Большое впечатление произвела на Елизавету Федоровну златоглавая Москва — город «сорока сороков», множества храмов и монастырей. В 1891 году, когда ее муж стал генерал-губернатором Первопрестольной, протестантка Елизавета Федоровна искренне и всем сердцем приняла православие: «Я все время думала и читала и молилась Богу — указать мне правильный путь — и пришла к заключению, что только в этой религии я могу найти настоящую и сильную веру в Бога, которую человек должен иметь, чтобы быть хорошим христианином»[65].

Религиозность была привита ей с детства и стала основной чертой ее характера в России, в Москве. Достаточно сказать, что после убийства мужа она не только простила его убийцу, но и ходатайствовала перед Николаем II о прощении Ивана Каляева, которого она посещала в тюрьме, подарив ему Евангелие.

Еще в 1892 году великая княгиня учредила в Москве и губернии Елизаветинское благотворительное общество. Это было великое и благое дело. Деятельность общества была направлена на помощь нуждающимся семьям и детям-сиротам. Как круги по воде, расходился по Москве пример великой княгини. Вот уже при церквях возникли во множестве елизаветинские приходские благотворительные комитеты, открылись приюты и ясли.

И кто знает, удалось бы обществу за четверть века своей работы (1892–1917) окружить заботой почти десять тысяч детей, если бы не частные пожертвования, служившие единственным источником его доходов. А пример жертвовательности демонстрировала обществу опять же великая княгиня.

Убийство супруга нанесло огромный удар по Елизавете Федоровне. После постигшего ее горя она удалилась от светской жизни, решив вести монашеский образ жизни, словно замаливая грехи не только за своего мужа (которого обвиняли в Кровавом воскресенье), но и за всех Романовых.

И тем не менее привыкшая к благим делам Елизаветы Федоровны, Москва была вновь поражена, узнав о ее решении продать фамильные драгоценности и имущество для строительства новой обители. В 1907 году она купила участок земли с усадьбой на Большой Ордынке, где и должна была вырасти заново отстроенная обитель. Главными целями Марфо-Мариинской обители великая княгиня видела благотворительность и бескорыстную помощь тяжелобольным.

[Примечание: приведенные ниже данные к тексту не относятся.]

(* Each of the four q-Pochhammer factors changes by one linear factor under [x -> q x]. *)
Lemma qweight_pearson (q a b a1 a2 s1 s2 kap x : R) :
  0 < q < 1 -> s1 <> 0 -> s2 <> 0 -> a2 < 0 -> 0 < a1 -> 0 < a -> 0 < b ->
  kap = / q ^ 3 * s2 * a2 / (s1 * b) ->
  a < x -> x < b -> a1 < q * x ->
  qweight q a b a1 a2 (q * x) * sigma_quad s1 a1 (q * b) (q * x)
  = / q * / kap * qweight q a b a1 a2 x * sigma_quad s2 a2 a x.
Proof.
  intros Hq Hs1 Hs2 Ha2 Ha1 Ha Hb Hk Hax Hxb Hqx.
  assert (Hx : 0 < x) by lra.
  assert (/ a2 < 0) by (apply Rinv_lt_0_compat; lra).
  assert (Hxa2 : x / a2 < 1) by (unfold Rdiv; nra).
  assert (E1 : qpoch_inf (q * a / (q * x)) q = (1 - a / x) * qpoch_inf (q * a / x) q).
  { replace (q * a / (q * x)) with (a / x) by (field; lra).
    rewrite (qpoch_inf_shift (a / x)) by (auto using lt_1_div). f_equal. f_equal. field. lra. }
  assert (E2 : qpoch_inf (x / b) q = (1 - x / b) * qpoch_inf (q * x / b) q).
  { rewrite (qpoch_inf_shift (x / b)) by (auto using lt_1_div). f_equal. f_equal. field. lra. }
  assert (E3 : qpoch_inf (a1 / (q * x)) q = (1 - a1 / (q * x)) * qpoch_inf (a1 / x) q).
  { rewrite (qpoch_inf_shift (a1 / (q * x))) by (try apply lt_1_div; nra).
    f_equal. f_equal. field. lra. }
  assert (E4 : qpoch_inf (x / a2) q = (1 - x / a2) * qpoch_inf (q * x / a2) q).
  { rewrite (qpoch_inf_shift (x / a2)) by auto. f_equal. f_equal. field. lra. }
  unfold qweight. rewrite E1, E2, E3, E4.
  assert (0 < qpoch_inf (q * a / x) q) by (apply qpoch_inf_pos; [exact Hq|apply lt_1_div; nra]).
  assert (0 < qpoch_inf (q * x / b) q) by (apply qpoch_inf_pos; [exact Hq|apply lt_1_div; nra]).
  assert (0 < qpoch_inf (a1 / x) q) by (apply qpoch_inf_pos; [exact Hq|apply lt_1_div; nra]).
  assert (0 < qpoch_inf (q * x / a2) q) by (apply qpoch_inf_pos; [exact Hq|unfold Rdiv; nra]).
  assert (1 - a1 / (q * x) <> 0) by (pose proof (lt_1_div a1 (q * x)); nra).
  rewrite Hk. unfold sigma_quad. field. repeat split; lra.
Qed.

Lemma sigma2_of_quad_lead (q s1 a1 b1 t1 t0 s2 a2 b2 : R) : q <> 0 -> s1 <> 0 ->
  (forall x, sigma2_of q (sigma_quad s1 a1 b1) (tau_aff t1 t0) x = sigma_quad s2 a2 b2 x) ->
  s2 = q * s1 * (1 + (1 - / q) * t1 / (s1 / 2)).
Proof.
  intros Hq Hs1 Hsig2.
  pose proof (Hsig2 0) as H0. pose proof (Hsig2 1) as H1. pose proof (Hsig2 (-1)) as H2.
  unfold sigma2_of, sigma_quad, tau_aff in H0, H1, H2.
  transitivity (sigma_quad s2 a2 b2 1 + sigma_quad s2 a2 b2 (-1) - 2 * sigma_quad s2 a2 b2 0).
  - unfold sigma_quad. field.
  - unfold sigma_quad. rewrite <- H0, <- H1, <- H2. field. split; assumption.
Qed.

Section Orthogonality.

Variables (q s1 a1 b1 t1 t0 s2 a2 b2 : R) (N : nat) (iota : CC).
Hypothesis Hq : 0 < q < 1.
Hypothesis Hs1 : s1 <> 0.
Hypothesis Hs2 : s2 <> 0.
Hypothesis Hsigma2 :
  forall x, sigma2_of q (sigma_quad s1 a1 b1) (tau_aff t1 t0) x = sigma_quad s2 a2 b2 x.
Hypothesis Ha2 : a2 < 0.
Hypothesis Ha1 : 0 < a1.
Hypothesis Ha1b2 : a1 < b2.
Hypothesis Hb2b1 : b2 < b1.
Hypothesis HLambda : 1 + (1 - / q) * t1 / (s1 / 2) < 0.
Hypothesis HN : / q ^ (N + 1) * b2 = / q * b1.

Local Notation b := (/ q * b1).
Local Notation sigma1 := (sigma_quad s1 a1 b1).
Local Notation tau := (tau_aff t1 t0).
Local Notation P := (qEHT_poly q s1 a1 b1 t1 t0).

Definition kappa : R := / q ^ 3 * s2 * a2 / (s1 * b).

Hypothesis Hiota : cpow_abs q iota = RtoC kappa.

Definition grid (k : nat) : R := / q ^ k * b2.

Definition grid_weight (k : nat) : R := / q ^ k * (/ kappa) ^ k * qweight q b2 b a1 a2 (grid k).

Lemma kappa_pos : 0 < kappa.
Proof.
  pose proof (sigma2_of_quad_lead q s1 a1 b1 t1 t0 s2 a2 b2 ltac:(lra) Hs1 Hsigma2) as Hs2e.
  unfold kappa. rewrite Hs2e.
  replace (/ q ^ 3 * (q * s1 * (1 + (1 - / q) * t1 / (s1 / 2))) * a2 / (s1 * (/ q * b1)))
    with ((1 + (1 - / q) * t1 / (s1 / 2)) * a2 / (q * b1)) by (field; repeat split; lra).
  apply Rdiv_lt_0_compat; nra.
Qed.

Интересно, что порекомендовал Щусева как зодчего, способного воплотить в камне благие цели великой княгини, Михаил Нестеров, получивший ранее от нее предложение расписать будущий храм обители. Художник писал в 1907 году:

«Еще во время выставки в Москве великая княгиня Елизавета Федоровна предложила… принять на себя роспись храма, который она намерена построить при «Общине», ею учреждаемой в Москве… Я рекомендовал ей архитектора — Щусева. Теперь его проект церкви и при ней аудитории-трапезной (прекрасный) утвержден; весной будет закладка… На «художество» ассигнована сравнительно сумма небольшая, а так как моя давнишняя мечта — оставить в Москве после себя что-нибудь цельное, то я, невзирая на «скромность ассигновки», дело принял… А приняв его, естественно, и отдался этому делу всецело».

Перед Щусевым стояла увлекательная задача — учитывая заявленную заказчицей экономию средств, максимально использовать уже имеющиеся на территории старой замоскворецкой усадьбы постройки. Конечно, речь не шла о том, чтобы новый собор соответствовал сложившейся до него архитектурной среде, как в случае с Троицким собором Почаевской лавры. Здесь творческую свободу Щусева подобные условия не сковывали.

Для Марфо-Мариинской обители зодчий спроектировал собор с обширной трапезной, выполнявшей функции аудитории, а также массивную ограду и сторожку с часовней. Приговорив к сносу незначительные дворовые постройки старой усадьбы, Щусев тем не менее пожалел большую их часть, предложив использовать под больницу, амбулаторию, аптеку, приют для девочек, общежитие, столовую для бедных и больничный храм.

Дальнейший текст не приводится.